Woolly mammoths

Woolly rhinoceros

The woolly rhinoceros (Coelodonta antiquitatis) is an extinct species of rhinoceros native to the northern steppes of Eurasia that lived during the Pleistocene epoch and survived the last glacial period. The woolly rhinoceros are members of the Pleistocene megafauna.


An adult Wooly Rhinoceros stood 3.7 metres (11 feet) in length. Two horns on the skull are made of keratin with the anterior horn larger than the 1m (3 foot) long horn between its eyes, and both were made of keratin. It had thick, long fur, small ears, short, thick legs, and a stocky body. Cave paintings suggest a wide dark band between the front and hind legs, but it is not universal and identification of rhinoceros as woolly rhinoceros is uncertain. The woolly rhinoceros used its horns to sweep snow away from vegetation so it could eat in the winter, and is also thought to have used its horns for defensive purposes and to attract mates.

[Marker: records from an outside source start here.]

(* Fix integers $n\ge 2$, $m\ge 1$ and prompts $x_1,\dots,x_n$ (deterministic). For each $i$, let $y_i^1,\dots,y_i^m$ be i.i.d. responses drawn from a distribution $\pi(\cdot\mid x_i)$, independently across $i$, and let $r_i^j=r(x_i,y_i^j)$ be real rewards with finite variance. Let $\mu_i=\mathbb{E}[r(x_i,y)]$ and $\sigma_i^2=\mathrm{Var}[r(x_i,y)]$ for $y\sim\pi(\cdot\mid x_i)$. Define $\hat\mu_i=\frac1m\sum_{j=1}^m r_i^j$, $\hat{\bar\mu}=\frac1{nm}\sum_{i=1}^n\sum_{j=1}^m r_i^j$, and for $\lambda\in[0,1]$ the baseline $b_i^j(\lambda)=(1-\lambda)\hat\mu_i+\lambda\hat{\bar\mu}$. Let $$v=\frac1{nm}\sum_{i=1}^n\sigma_i^2,\qquad \bar\mu=\frac1n\sum_{i=1}^n\mu_i,\qquad s=\frac1{n-1}\sum_{i=1}^n(\mu_i-\bar\mu)^2,$$ and assume $s+v>0$. Then the function $$\lambda\mapsto \frac1{mn}\sum_{i=1}^n\sum_{j=1}^m\mathbb{E}\big[(b_i^j(\lambda)-\mu_i)^2\big]$$ (expectation over the responses) is minimized over $\lambda\in[0,1]$ at $\lambda^\star=\dfrac{v}{s+v}$. *)

From HB Require Import structures.
From mathcomp Require Import all_boot all_order all_algebra.
From mathcomp Require Import all_classical all_reals all_analysis.
Set Implicit Arguments. Unset Strict Implicit. Unset Printing Implicit Defensive.
Import Order.TTheory GRing.Theory Num.Theory.
Local Open Scope classical_set_scope.
Local Open Scope ring_scope.

Definition mutually_independent {d} {T : measurableType d} {R : realType}
  (P : probability T R) (I : finType) (X : I -> {RV P >-> R}) : Prop :=
  forall (J : {set I}) (B : I -> set R), (forall k, measurable (B k)) ->
    P (\bigcap_(k in [set k | k \in J]) (X k @^-1` B k)) =
    (\prod_(k in J) P (X k @^-1` B k))%E.

Definition muhat {d} {T : measurableType d} {R : realType} (n m : nat)
  (r : 'I_n -> 'I_m -> T -> R) (i : 'I_n) : T -> R :=
  fun w => m%:R^-1 * \sum_(j < m) r i j w.

Definition mubarhat {d} {T : measurableType d} {R : realType} (n m : nat)
  (r : 'I_n -> 'I_m -> T -> R) : T -> R :=
  fun w => (n * m)%:R^-1 * \sum_(i < n) \sum_(j < m) r i j w.

Definition baseline {d} {T : measurableType d} {R : realType} (n m : nat)
  (r : 'I_n -> 'I_m -> T -> R) (lam : R) (i : 'I_n) (j : 'I_m) : T -> R :=
  fun w => (1 - lam) * muhat r i w + lam * mubarhat r w.

Definition baseline_mse {d} {T : measurableType d} {R : realType}
  (P : probability T R) (n m : nat) (r : 'I_n -> 'I_m -> T -> R)
  (mu : 'I_n -> R) (lam : R) : \bar R :=
  (((m * n)%:R^-1)%:E *
   \sum_(i < n) \sum_(j < m)
      'E_P[fun w => ((baseline r lam i j w - mu i) ^+ 2)%R])%E.

Definition vbar {R : realType} (n m : nat) (sig2 : 'I_n -> R) : R :=
  (n * m)%:R^-1 * \sum_(i < n) sig2 i.

Definition mubar {R : realType} (n : nat) (mu : 'I_n -> R) : R :=
  n%:R^-1 * \sum_(i < n) mu i.

Definition sbar {R : realType} (n : nat) (mu : 'I_n -> R) : R :=
  (n - 1)%:R^-1 * \sum_(i < n) (mu i - mubar mu) ^+ 2.

From HB Require Import structures.
From mathcomp Require Import all_boot all_order all_algebra.
From mathcomp Require Import all_classical all_reals all_analysis.
From mathcomp Require Import measurable_realfun.
From mathcomp Require Import ring.
Import Order.TTheory GRing.Theory Num.Theory.
Local Open Scope classical_set_scope.
Local Open Scope ring_scope.

(* The baseline b_i^j(lam) is a linear combination of the rewards, with weight
   (1 - lam)/m + lam/(nm) on the m rewards of prompt i and lam/(nm) on all the
   others.  Independent rewards are uncorrelated, so the mean squared error of
   such a combination around mu_i is  sum_p w_p^2 sigma_p^2 + (sum_p w_p mu_p -
   mu_i)^2, and here the bias term is lam (bar mu - mu_i).  Averaging over i and
   j yields the closed form  v + (n-1)/n ((s + v) lam^2 - 2 v lam),  a parabola
   in lam whose vertex is v / (s + v). *)

Lemma Lfun2_Lfun1 {R : realType} {d} {T : measurableType d}
  {P : probability T R} {f : T -> R} : f \in Lfun P 2%:E -> f \in Lfun P 1.
Proof. exact/Lfun_subset12/fin_num_measure. Qed.

Section independence.
Context {R : realType} {d} {T : measurableType d} (P : probability T R).
Local Open Scope ereal_scope.

Definition independent_RVs2 (X Y : {RV P >-> R}) : Prop :=
  forall A B, measurable A -> measurable B ->
    P (X @^-1` A `&` Y @^-1` B) = P (X @^-1` A) * P (Y @^-1` B).

Lemma mutually_independent_RVs2 (I : finType) (X : I -> {RV P >-> R}) p q :
  mutually_independent X -> p != q -> independent_RVs2 (X p) (X q).
Proof.
move=> indX pq A B mA mB.
pose B2 k := if k == p then A else if k == q then B else setT.
have mB2 k : measurable (B2 k) by rewrite /B2; case: ifP => //; case: ifP.
have qpF : (q == p) = false by rewrite eq_sym; exact/negbTE.
have := indX [set p; q]%SET B2 mB2.
rewrite big_setU1 /= ?big_set1 ?inE // /B2 eqxx qpF eqxx => <-.
congr (P _); apply/seteqP; split=> [w [Ap Bq] k /=|w pqX].
- by rewrite in_set2 => /orP[] /eqP ->; rewrite ?eqxx ?qpF ?eqxx.
- split; [have := pqX p | have := pqX q];
    by rewrite /= in_set2 ?eqxx ?qpF ?eqxx ?orbT => /(_ isT).
Qed.

Lemma expectation_distribution (X : {RV P >-> R}) :
  (X : T -> R) \in Lfun P 1 -> \int[distribution P X]_y y%:E = 'E_P[X].
Proof.
move=> X1; rewrite expectation_def integral_distribution//.
exact/Lfun1_integrable.
Qed.

Lemma expectation_mul_independent (X Y : {RV P >-> R}) :
  independent_RVs2 X Y -> (X : T -> R) \in Lfun P 1 ->
  (Y : T -> R) \in Lfun P 1 -> ((X : T -> R) \* Y)%R \in Lfun P 1 ->
  'E_P[(X : T -> R) \* Y] = 'E_P[X] * 'E_P[Y].
Proof.
(* The joint law of (X, Y) is the product of the marginal laws, by uniqueness
   of the product measure; Fubini then splits the integral of x * y. *)
move=> indXY X1 Y1 XY1.
have mXY : measurable_fun setT (fun w => (X w, Y w)).
  exact: measurable_fun_pair.
pose XY : {mfun T >-> (R * R)%type} :=
  HB.pack (fun w => (X w, Y w)) (isMeasurableFun.Build _ _ _ _ _ mXY).
have joint_prod A : measurable A ->
    (distribution P X \x distribution P Y) A = distribution P XY A.
  exact: (product_measure_unique (m' := distribution P XY)).
pose mul := fun z : (R * R)%type => (z.1 * z.2)%:E.
have mmul : measurable_fun setT mul.
  by apply/measurable_EFinP; apply: measurable_funM.
have int_joint : (distribution P XY).-integrable setT mul.
  by apply: (integrable_pushforward mXY mmul) => //; exact/Lfun1_integrable.
have int_prod : (distribution P X \x distribution P Y).-integrable setT mul.
  apply/integrableP; split => //.
  rewrite (eq_measure_integral (distribution P XY)) => [|A mA _];
    last exact: joint_prod.
  by case/integrableP : int_joint.
have mEFin : measurable_fun [set: R] (EFin : R -> \bar R).
  exact/measurable_EFinP.
have int_EFin (Z : {RV P >-> R}) : (Z : T -> R) \in Lfun P 1 ->
    (distribution P Z).-integrable setT EFin.
  move=> Z1; apply: (integrable_pushforward (measurable_funPT Z) mEFin) => //.
  exact/Lfun1_integrable.
transitivity (\int[distribution P XY]_z mul z).
  by rewrite unlock integral_distribution//; exact/Lfun1_integrable.
rewrite (eq_measure_integral (distribution P X \x distribution P Y))
  => [|A mA _]; last exact/esym/joint_prod.
rewrite -(integral12_prod_meas1 int_prod).
transitivity (\int[distribution P X]_x (x%:E * 'E_P[Y])).
  apply: eq_integral => x _; rewrite /fubini_F /mul /=.
  under eq_integral do rewrite EFinM.
  by rewrite (integralZl measurableT (int_EFin Y Y1)) expectation_distribution.
rewrite -(fineK (expectation_fin_num Y1)) integralZr ?int_EFin//.
by rewrite expectation_distribution.
Qed.

Lemma covariance_independent (X Y : {RV P >-> R}) : independent_RVs2 X Y ->
  (X : T -> R) \in Lfun P 2%:E -> (Y : T -> R) \in Lfun P 2%:E ->
  covariance P X Y = 0.
Proof.
move=> indXY X2 Y2; have XY1 := Lfun2_mul_Lfun1 X2 Y2.
have [X1 Y1] := (Lfun2_Lfun1 X2, Lfun2_Lfun1 Y2).
rewrite covarianceE// expectation_mul_independent// subee//.
by rewrite fin_numM ?expectation_fin_num.
Qed.

End independence.

Section linear_combination.
Context {R : realType} {d} {T : measurableType d} (P : probability T R).
Local Notation L2 := (Lfun P 2%:E).
Local Open Scope ereal_scope.

Lemma lincomb_Lfun2 (I : Type) (s : seq I) (a : I -> R) (X : I -> T -> R) :
  (forall p, X p \in L2) -> (\sum_(p <- s) a p \o* X p)%R \in L2.
Proof.
(* The submodule structure of [Lfun P p] is only found with [1 <= p] in the
   context. *)
have p1 : 1 <= (2%:E : \bar R) by rewrite lee1n.
by move=> X2; apply: rpred_sum => p _; exact: Lfun_scale.
Qed.

Lemma expectation_lincomb (I : Type) (s : seq I) (a : I -> R)
    (X : I -> T -> R) :
  (forall p, X p \in Lfun P 1) ->
  'E_P[(\sum_(p <- s) a p \o* X p)%R] = \sum_(p <- s) (a p)%:E * 'E_P[X p].
Proof.
move=> X1; elim: s => [|p s IHs].
  by rewrite !big_nil -[0%R]/(cst 0%R) expectation_cst.
have p1 : 1 <= (1 : \bar R) by [].
rewrite !big_cons expectationD ?Lfun_scale//; last first.
  by apply: rpred_sum => q _; exact: Lfun_scale.
by rewrite expectationZl// IHs.
Qed.

Lemma covariance_lincombl (I : Type) (s : seq I) (a : I -> R) (X : I -> T -> R)
    (Y : T -> R) :
  (forall p, X p \in L2) -> Y \in L2 ->
  covariance P (\sum_(p <- s) a p \o* X p)%R Y =
  \sum_(p <- s) (a p)%:E * covariance P (X p) Y.
Proof.
move=> X2 Y2; elim: s => [|p s IHs].
  by rewrite !big_nil -[0%R]/(cst 0%R) covariance_cst_l.
rewrite !big_cons covarianceDl ?lincomb_Lfun2 ?Lfun_scale ?ler1n// IHs.
by rewrite covarianceZl ?(Lfun2_mul_Lfun1 (X2 p)) ?Lfun2_Lfun1.
Qed.

Lemma variance_lincomb_uncorrelated (I : finType) (a : I -> R)
    (X : I -> T -> R) :
  (forall p, X p \in L2) ->
  (forall p q, p != q -> covariance P (X p) (X q) = 0) ->
  'V_P[(\sum_p a p \o* X p)%R] = \sum_p (a p ^+ 2)%:E * 'V_P[X p].
Proof.
move=> X2 X_uncorr; rewrite /variance covariance_lincombl ?lincomb_Lfun2//.
apply: eq_bigr => p _; rewrite covarianceC covariance_lincombl//.
rewrite (bigD1 p)//= big1 ?adde0 => [|q qp]; last by rewrite X_uncorr ?mule0.
by rewrite muleA -EFinM -expr2.
Qed.

Lemma expectation_sqr_dev (Y : T -> R) (e v c : R) : Y \in L2 ->
  'E_P[Y] = e%:E -> 'V_P[Y] = v%:E ->
  'E_P[(fun w => (Y w - c) ^+ 2)%R] = (v + (e - c) ^+ 2)%:E.
Proof.
move=> Y2 EY VY.
have p1 : 1 <= (2%:E : \bar R) by rewrite lee1n.
have Yc2 : (Y \- cst c)%R \in L2 by rewrite rpredB// Lfun_cst.
have finE : 'E_P[(fun w => (Y w - c) ^+ 2)%R] \is a fin_num.
  exact: expectation_fin_num (Lfun2_mul_Lfun1 Yc2 Yc2).
have := varianceE Yc2; rewrite varianceB_cst_r// VY.
rewrite expectationB ?(Lfun2_Lfun1 (P := P)) ?Lfun_cst// EY expectation_cst.
have -> : ((Y \- cst c) ^+ 2)%R = (fun w => (Y w - c) ^+ 2)%R.
  by apply/funext => w; rewrite /= !fctE.
rewrite -(fineK finE) -!EFinB => -[->].
by rewrite expr2 subrK.
Qed.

As the last and most derived member of the Pleistocene rhinoceros lineage, the woolly rhinoceros was supremely well adapted to its environment. Stocky limbs and thick woolly pelage made it well suited to the steppe-tundra environment prevalent across the Palearctic ecozone during the Pleistocene glaciations. Its geographical range expanded and contracted with the alternating cold and warm cycles, forcing populations to migrate as glaciers receded. Like the vast majority of rhinoceroses, the body plan of the woolly rhinoceros adhered to the conservative morphology, like the first rhinoceroses seen in the late Eocene. A close relative, the Giant Unicorn (Elasmotherium), had a more southern range.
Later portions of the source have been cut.